The past two days I’ve had class from nine until one, then set off in exploration of the area. It’s hot out and I tire quickly, so my forays have been limited. Yesterday I used public transportation for the first time – a really exciting prospect. Public transportation, I think, offers one of the best glimpses into local daily life. Today I was slightly more ambitious, setting a complex of buildings at Istanbul University as my destination. At the last minute a friend joined, and we left just after one.
We got off the tram near the university, and proceeded to search out an entrance. In what seemed more like me charming the guard with my garbled Turkish explanation of our intention than official permission, we made it inside. The campus is lovely, very treed with typically imposing stone buildings. Not unlike campuses in the US. We found the famous mosque dating to the 1500s from its minarets, visible from afar. I like visiting mosques – unlike in Israel, visitors are expected and welcomed.
From there we headed to the Kapalı Çarşısı/Grand Bazaar – the largest covered market in the world. The bazaar was strangely unimpressive – in comparison to Jerusalem souks it was clean and polished, in comparison to US mall it just had more unusual wares and aggressive vendors. Some things seemed pretty cool, and I’d like to go back when I’m more in a shopping mood, but today we wandered just long enough to get lost and then made our way back out.

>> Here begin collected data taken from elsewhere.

(* Let $G$ be a graph with vertices $v_1,\ldots,v_n$ and let $t\ge 1$ be an integer. Let $G'$ and $\alpha$ be constructed as follows. $V(G')=V_G\cup V_B\cup V_C$, where $V_G=\{g_1,\ldots,g_n\}$ induces a copy of $G$ ($g_ig_j$ an edge iff $v_iv_j\in E(G)$); $V_B=\{b^i_j\mid i,j\in\{1,\ldots,t\}\}$ induces a copy of $B_t$ (with $b^i_j b^{i'}_{j'}$ an edge iff $i\neq i'$ and $j\neq j'$); every vertex of $V_G$ is adjacent to every vertex of $V_B$; and $V_C=C_1\cup\cdots\cup C_{n+t+1}$ where the $C_i$ are pairwise disjoint independent sets, each of size $2t+2t^2$, with no edges between different $C_i$. Further, each $g_i$ is adjacent to all vertices of $V_C\setminus(C_i\cup C_{n+t+1})$ and each vertex of $V_B$ is adjacent to all vertices of $C_{n+t+1}$; there are no other edges. Define $\alpha(g_i)=i$ for $1\le i\le n$, $\alpha(c)=i$ for every $c\in C_i$ ($1\le i\le n+t+1$), and $\alpha(b^i_j)=n+i$. Let $k=n+t+1$ and let $\alpha_0,\ldots,\alpha_\ell$ be a $k$-recoloring sequence of $G'$ with $\alpha_0=\alpha$ and $\ell\le 2t+2t^2$. Then for all $g_i\in V_G$ and all $0\le x\le \ell$, $\alpha_x(g_i)\in\{i,n+t+1\}$, and for all $b\in V_B$ and all $0\le x\le\ell$, $\alpha_x(b)\ne n+t+1$.
   Context: A $k$-coloring of a graph is a map $V\to\{1,\ldots,k\}$ with adjacent vertices receiving different colors. $\mathcal{C}_k(G)$ is the graph whose vertices are the $k$-colorings of $G$, two adjacent iff they differ on exactly one vertex. A $k$-recoloring sequence of length $m$ is a sequence $\alpha_0,\ldots,\alpha_m$ of $k$-colorings such that consecutive colorings are equal or adjacent in $\mathcal{C}_k(G)$. *)

From mathcomp Require Import all_boot.
Set Implicit Arguments. Unset Strict Implicit. Unset Printing Implicit Defensive.

Definition is_coloring (V : finType) (adj : rel V) (k : nat) (f : V -> nat) : Prop :=
  (forall v, 1 <= f v <= k) /\ (forall u v, adj u v -> f u != f v).

Definition recoloring_seq (V : finType) (adj : rel V) (k : nat)
    (alpha : nat -> V -> nat) (l : nat) : Prop :=
  (forall x, x <= l -> is_coloring adj k (alpha x)) /\
  (forall x, x < l -> #|[set v | alpha x v != alpha x.+1 v]| <= 1).

(* Vertex set of G':
   inl (inl i)      = g_{i+1}          (i : 'I_n)
   inl (inr (i,j))  = b^{i+1}_{j+1}    (i j : 'I_t)
   inr (c, m)       = m-th vertex of C_{c+1}  (c : 'I_(n+t+1), m : 'I_(2t+2t^2)) *)
Definition Gp_vert (n t : nat) : finType :=
  (('I_n + ('I_t * 'I_t)) + ('I_(n + t + 1) * 'I_(2 * t + 2 * t ^ 2)))%type.

Definition Gp_adj (n t : nat) (G : rel 'I_n) : rel (Gp_vert n t) :=
  fun u v =>
  match u, v with
  | inl (inl a), inl (inl b) => G a b
  | inl (inr (i, j)), inl (inr (i', j')) => (i != i') && (j != j')
  | inl (inl _), inl (inr _) => true
  | inl (inr _), inl (inl _) => true
  | inl (inl a), inr (c, _) => (nat_of_ord c != nat_of_ord a) && (nat_of_ord c != n + t)
  | inr (c, _), inl (inl a) => (nat_of_ord c != nat_of_ord a) && (nat_of_ord c != n + t)
  | inl (inr _), inr (c, _) => nat_of_ord c == n + t
  | inr (c, _), inl (inr _) => nat_of_ord c == n + t
  | inr _, inr _ => false
  end.

Definition Gp_alpha (n t : nat) (v : Gp_vert n t) : nat :=
  match v with
  | inl (inl a) => (nat_of_ord a).+1
  | inl (inr (i, _)) => n + (nat_of_ord i).+1
  | inr (c, _) => (nat_of_ord c).+1
  end.

(* In at most 2t+2t^2 steps at most 2t+2t^2 vertices get recoloured, so
   whenever a vertex of V_G or V_B has changed colour, every class C_j, being
   of size 2t+2t^2, still contains a vertex of its original colour j.  A
   recoloured vertex adjacent to all of C_j therefore cannot take colour j.
   This excludes for g_i every colour except i and n+t+1 (g_i sees all C_j
   with j distinct from i and n+t+1), and excludes n+t+1 for b^i_j (which
   sees C_{n+t+1}, and for which n+t+1 is not the initial colour). *)

From mathcomp Require Import all_boot.

Section RecoloringSequence.

Context {V : finType} {adj : rel V} {k : nat} {alpha : nat -> V -> nat} {l : nat}.
Hypothesis hseq : recoloring_seq adj k alpha l.

Definition recolored x := [set v | alpha x v != alpha 0 v].

Lemma card_recolored x : x <= l -> #|recolored x| <= x.
Proof.
case: hseq => _ hstep; elim: x => [|x IH] hx.
  by rewrite leqn0 cards_eq0; apply/eqP/setP => v; rewrite !inE eqxx.
have sub : recolored x.+1 \subset recolored x :|: [set v | alpha x v != alpha x.+1 v].
  apply/subsetP => v; rewrite !inE.
  by case: (eqVneq (alpha x v) (alpha 0 v)) => [<-|] //=; rewrite eq_sym.
apply: leq_trans (subset_leq_card sub) _.
apply: leq_trans (leq_card_setU _ _) _.
by rewrite -[leqRHS]addn1 leq_add ?IH ?hstep // ltnW.
Qed.

Lemma exists_unrecolored {S : {set V}} {x : nat} :
  x <= l -> x < #|S| -> exists2 w, w \in S & alpha x w = alpha 0 w.
Proof.
move=> hx hS; have /set0Pn [w] : S :\: recolored x != set0.
  apply: contraTneq hS => /eqP; rewrite setD_eq0 => sub.
  by rewrite -leqNgt (leq_trans (subset_leq_card sub)) ?card_recolored.
by rewrite !inE negbK => /andP [/eqP ? ?]; exists w.
Qed.

End RecoloringSequence.

Section Construction.

Context {n t : nat} {G : rel 'I_n} {alpha : nat -> Gp_vert n t -> nat} {l : nat}.
Hypothesis hseq : recoloring_seq (@Gp_adj n t G) (n + t + 1) alpha l.
Hypothesis h0 : alpha 0 = @Gp_alpha n t.
Hypothesis hl : l <= 2 * t + 2 * t ^ 2.

Definition color_class (j : 'I_(n + t + 1)) : {set Gp_vert n t} :=
  [set inr (j, m) | m : 'I_(2 * t + 2 * t ^ 2)].

Lemma class_keeps_color {x : nat} {v : 'I_n + ('I_t * 'I_t)} (j : 'I_(n + t + 1)) :
  x <= l -> alpha x (inl v) != alpha 0 (inl v) ->
  exists m, alpha x (inr (j, m)) = j.+1.
Proof.
move=> hx hv.
have vNC : inl v \notin color_class j by apply/imsetP => -[].
have size_vC : x < #|inl v |: color_class j|.
  rewrite cardsU1 vNC card_imset ?card_ord; last by move=> ? ? [].
  by rewrite add1n ltnS (leq_trans hx hl).
have [w] := exists_unrecolored hseq hx size_vC.
rewrite !inE => /predU1P [-> /eqP|/imsetP [m _ ->]]; first by rewrite (negPf hv).
by rewrite h0; exists m.
Qed.

Lemma recolored_avoids_class {x : nat} {v : 'I_n + ('I_t * 'I_t)} (j : 'I_(n + t + 1)) :
  x <= l -> alpha x (inl v) != alpha 0 (inl v) ->
  (forall m, Gp_adj G (inl v) (inr (j, m))) -> alpha x (inl v) != j.+1.
Proof.
move=> hx hv hadj; have [m hm] := class_keeps_color j hx hv.
have [_ proper] := hseq.1 x hx.
by rewrite -hm; apply: proper.
Qed.

End Construction.

Theorem mainTheorem2 (n t : nat) (G : rel 'I_n)
    (Gsym : symmetric G) (Girr : irreflexive G) (ht : 1 <= t)
    (alpha : nat -> Gp_vert n t -> nat) (l : nat)
    (hseq : recoloring_seq (@Gp_adj n t G) (n + t + 1) alpha l)
    (h0 : alpha 0 = @Gp_alpha n t)
    (hl : l <= 2 * t + 2 * t ^ 2) :
  (forall (i : 'I_n) (x : nat), x <= l ->
     (alpha x (inl (inl i)) == (nat_of_ord i).+1) ||
     (alpha x (inl (inl i)) == n + t + 1)) /\
  (forall (p : 'I_t * 'I_t) (x : nat), x <= l ->
     alpha x (inl (inr p)) != n + t + 1).
Proof.
have top_lt : n + t < n + t + 1 by rewrite addn1.
split=> [i x hx | [p1 p2] x hx].
- have [/(_ (inl (inl i))) /andP [c_gt0 c_le] _] := hseq.1 x hx.
  set c := alpha x (inl (inl i)) in c_gt0 c_le *.
  case: (eqVneq c i.+1) => //= c_ne_i; apply/negPn/negP => c_ne_top.
  have j_lt : c.-1 < n + t + 1 by rewrite (leq_trans _ c_le) // ltn_predL.
  have hv : c != alpha 0 (inl (inl i)) by rewrite h0.
  have hadj m : Gp_adj G (inl (inl i)) (inr (Ordinal j_lt, m)).
    rewrite /= -(inj_eq succn_inj) prednK // c_ne_i /=.
    by rewrite -(inj_eq succn_inj) prednK // -addn1.
  have := recolored_avoids_class hseq h0 hl (Ordinal j_lt) hx hv hadj.
  by rewrite /= prednK // eqxx.
- apply/eqP => hc.
  have hv : alpha x (inl (inr (p1, p2))) != alpha 0 (inl (inr (p1, p2))).
    by rewrite hc h0 /= addn1 -addnS eqn_add2l eqSS neq_ltn ltn_ord orbT.
  have := recolored_avoids_class hseq h0 hl (Ordinal top_lt) hx hv (fun _ => eqxx _).
  by rewrite hc /= addn1 eqxx.
Qed.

My Turkey book alluded to a book market, which we quickly tracked down and enjoyed, despite the lack of worthwhile English titles.
From here our afternoon shifted. Previously guided by descriptive paragraphs, here on out we found our books had ceased to be of use. Uncertain of where next to go, I spotted the water and suggested we head that way- I hadn’t seen much of the water yet. The water turned out to be further than it appeared from the top of the hill, and finally at the bottom we found ourselves next to the metro tracks in a charming and slightly dilapidated neighborhood that has potentially never seen a tourist before. Glad to have male companionship, I led the way across the tracks toward a heavily secured port of some sort. Perplexed, we saw Istanbul’s center to the north and turned left. Just beyond the port we entered a fish market, full of properly salty men in rubber boots and gloves. The fish stalls were cool, watered, and artistically displayed. Every few stalls there was a guy grilling fillets and making sandwiches. What luck! Four lira ($2.60) fish sandwiches in hand, we pressed on. Soon the market opened up to a park along a shore, filled with families picnicking under the trees, old men sunbathing on the rocks, boys jumping in for a swim.
Sea of Marmara to the right, the city to the left, the Bosporus and Asian side of Istanbul visible ahead, I reflected again on how nice it is to get off the beaten path, and how much I like Turkey. The Aya Sofya, Sultanahmet Mosque, and Turkish and Islamic Art Museum yesterday were as incredible as I expected, but it’s really great to find out what the Turks are up to and enjoy that too. A couple just-comprehensible Turkish inquiries later, we made our way to a train then a bus home. Despite the uneasiness with which the fish is sitting in my stomach, it’s been an excellent day. Plans to repeat tomorrow after class.